Lemma zeros_convex (R : realType) n (T : 'cV[R]_n -> set 'cV[R]_n) l a b :
  maximal_monotone T -> 0 <= l <= 1 -> zeros T a -> zeros T b ->
  zeros T (l *: a + (1 - l) *: b).
Proof.
move=> [monoT maxT] /andP [l0 l1] Ta Tb; apply: maxT => y v Tyv.
have -> : l *: a + (1 - l) *: b - y = l *: (a - y) + (1 - l) *: (b - y).
  by apply/matrixP => i j; rewrite !mxE; ring.
rewrite ipDl !ipZl addr_ge0 ?mulr_ge0 ?subr_ge0 //; exact: monoT.
Qed.

Section Resolvent.
Variables (R : realType) (n : nat) (M : 'M[R]_n) (T : 'cV[R]_n -> set 'cV[R]_n).
Variables (sigma : R) (z p : 'cV[R]_n).
Hypothesis hM : self_adjoint_pd M.
Hypothesis hT : maximal_monotone T.
Hypothesis hsigma : 0 <= sigma.
Hypothesis hp : resolvent_at T M sigma z p.
Local Notation Om := (zeros T).
Local Notation q g := (g *: p + (1 - g) *: z).

Lemma resolvent_mulmx : exists2 v, T p v & M *m (z - p) = sigma *: v.
Proof.
case: hp => v Tpv ->; exists v => //.
rewrite addrC addKr -scalemxAr mulmxA mulmxV ?mul1mx //.
exact: self_adjoint_pd_unitmx.
Qed.

Lemma resolvent_ip_ge0 zh : Om zh -> 0 <= ip (p - zh) (M *m (z - p)).
Proof.
move=> Om_zh; have [v Tpv ->] := resolvent_mulmx.
by rewrite ipZr mulr_ge0 // -[v]subr0; apply: hT.1.
Qed.

Lemma relaxed_resolvent_sqr g zh : normM M (q g - zh) ^+ 2
  = normM M (p - zh) ^+ 2 + 2 * ((1 - g) * ip (p - zh) (M *m (z - p)))
    + (1 - g) ^+ 2 * normM M (z - p) ^+ 2.
Proof.
have -> : q g - zh = (p - zh) + (1 - g) *: (z - p).
  by apply/matrixP => i j; rewrite !mxE; ring.
rewrite normMD_sqr // normMZ // -scalemxAr ipZr exprMn real_normK // num_real //.
Qed.

Lemma resolvent_sqr zh : normM M (z - zh) ^+ 2
  = normM M (p - zh) ^+ 2 + 2 * ip (p - zh) (M *m (z - p)) + normM M (z - p) ^+ 2.
Proof.
have := relaxed_resolvent_sqr 0 zh.
by rewrite scale0r add0r subr0 scale1r mul1r expr1n mul1r.
Qed.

------------------------------

Write out only the lines from the very start of the entries above to the line that includes "rewrite ipDl !ipZl", both ends included, each one unchanged.

Lemma zeros_convex (R : realType) n (T : 'cV[R]_n -> set 'cV[R]_n) l a b :
  maximal_monotone T -> 0 <= l <= 1 -> zeros T a -> zeros T b ->
  zeros T (l *: a + (1 - l) *: b).
Proof.
move=> [monoT maxT] /andP [l0 l1] Ta Tb; apply: maxT => y v Tyv.
have -> : l *: a + (1 - l) *: b - y = l *: (a - y) + (1 - l) *: (b - y).
  by apply/matrixP => i j; rewrite !mxE; ring.
rewrite ipDl !ipZl addr_ge0 ?mulr_ge0 ?subr_ge0 //; exact: monoT.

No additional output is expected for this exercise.